The Random Forest (RF) algorithm was selected as the primary classification model due to its excellent performance in handling high-dimensional data, non-linear relationships, and avoiding overfitting [28,29]. RF is an ensemble learning method that constructs a large number of decision trees through bootstrap sampling and random feature selection. For classification tasks, the final prediction result is determined by the majority vote of all decision trees. In this study, the RF model is used to train on the extracted spectral features (PCA principal components) to distinguish between different types of plastics. The main parameters of the model, including the number of decision trees and the maximum depth of each tree, will be determined through a subsequent optimization process.
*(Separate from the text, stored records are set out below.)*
Lemma blowup_lt_diff (p p' : T * nat) : p.1 <> p'.1 -> sLt blowTS p p' <-> ltT p.1 p'.1.
Proof. by move=> ne1 /=; split=> [[|[]]|] //; left. Qed.

(* The lifting construction.  [As] is an expansion of a finite [A] embedded in
   T[I_omega]^* by [al]; [q] collapses [A] onto its non-adjacency classes [A0],
   with sections [s].  [Bs] is an expansion of [B0 * 'I_n] (with [n = #|A|+1])
   embedded by [be], whose edges only depend on the [B0]-coordinate. *)
Section Lift.
Variables (A : finType) (As : starStr ar A) (al : A -> T * nat).
Hypothesis alP : embStar As blowTS al.
Variables (A0 : finType) (q : A -> A0) (s : A0 -> A).
Hypotheses (qsK : cancel s q)
  (q_eq : forall a a', q a = q a' <-> ~ sE As a a' /\ ~ sE As a' a).

Lemma fstA_eq a a' : (al a).1 = (al a').1 <-> q a = q a'.
Proof.
rewrite q_eq; apply: (tournament_same_image (phi := fun x => (al x).1) ET_tour).
exact: alP.2.1.
Qed.

Lemma fstA_rep a : (al (s (q a))).1 = (al a).1.
Proof. by apply/fstA_eq; rewrite qsK. Qed.

Definition quotient_star : starStr ar A0 :=
  induced_star (fun x y => sE As (s x) (s y)) (fun x => (al (s x)).1).

Lemma quotient_star_inAge : inAgeStar quotient_star TS.
Proof.
apply: induced_star_inAge => [x y /fstA_eq|x y]; last exact: alP.2.1.
by rewrite !qsK.
Qed.

Variables (B0 : finType) (EB0 : B0 -> B0 -> Prop) (g : B0 -> T).
Hypothesis gP : embE EB0 ET g.
Local Notation n := #|A|.+1.
Variables (Bs : starStr ar (B0 * 'I_n)) (be : B0 * 'I_n -> T * nat).
Hypotheses (beP : embStar Bs blowTS be) (BsE : sE Bs = fun p p' => EB0 p.1 p'.1).

Lemma EB0_irr b : ~ EB0 b b.
Proof. by move/gP.2; case: ET_tour => ET_irr _; apply: ET_irr. Qed.

Lemma fstB_col b j j' : (be (b, j)).1 = (be (b, j')).1.
Proof.
apply/(tournament_same_image ET_tour beP.2.1); rewrite BsE.
by split; apply: EB0_irr.
Qed.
Bayesian optimization (BO).
To obtain the optimal performance of the Random Forest model, this study employed the Bayesian Optimization (BO) algorithm for automatic tuning of its key hyperparameters [30]. BO is a probabilistic model-based sequential optimization method that builds a surrogate model of the objective function and uses an acquisition function to guide the next sampling point in the parameter space. Compared to grid search or random search, BO can find the global optimum or a near-optimum hyperparameter combination more efficiently within fewer iterations. In this study, BO was used to optimize the hyperparameters of the RF model, with the goal of maximizing the average 10-fold cross-validation classification accuracy on the training set. For Model 1, the optimization explored the following hyperparameter space: number of estimators (from 50 to 300), maximum depth (from 5 to 50), and minimum samples split (from 2 to 10). For Model 2, the search space was defined for number of estimators (100–500), maximum depth (5–50), minimum samples split (2–10), and minimum samples leaf (1–5). The optimization process was run for a set number of iterations (20 for Model 1, 30 for Model 2) to efficiently find a near-optimal set of parameters for the final model training.
Model development strategy.
This study constructed two core classification and identification models for different plastic sample conditions:
Model 1: For the identification of diverse (including dark-colored) clean plastics.
The development process for this model is as follows: First, the raw ATR-FTIR spectral data of 525 clean plastic samples are subjected to optimal pre-processing (i.e., S-G smoothing 15-point). Next, Principal Component Analysis (PCA) is used on the pre-processed spectral data for feature extraction, selecting the number of PCA-retained principal components as the input features. Finally, these PCA-extracted features are input into a Random Forest (RF) classifier, and Bayesian Optimization (BO) is used to optimize its hyperparameters to construct the final classification model.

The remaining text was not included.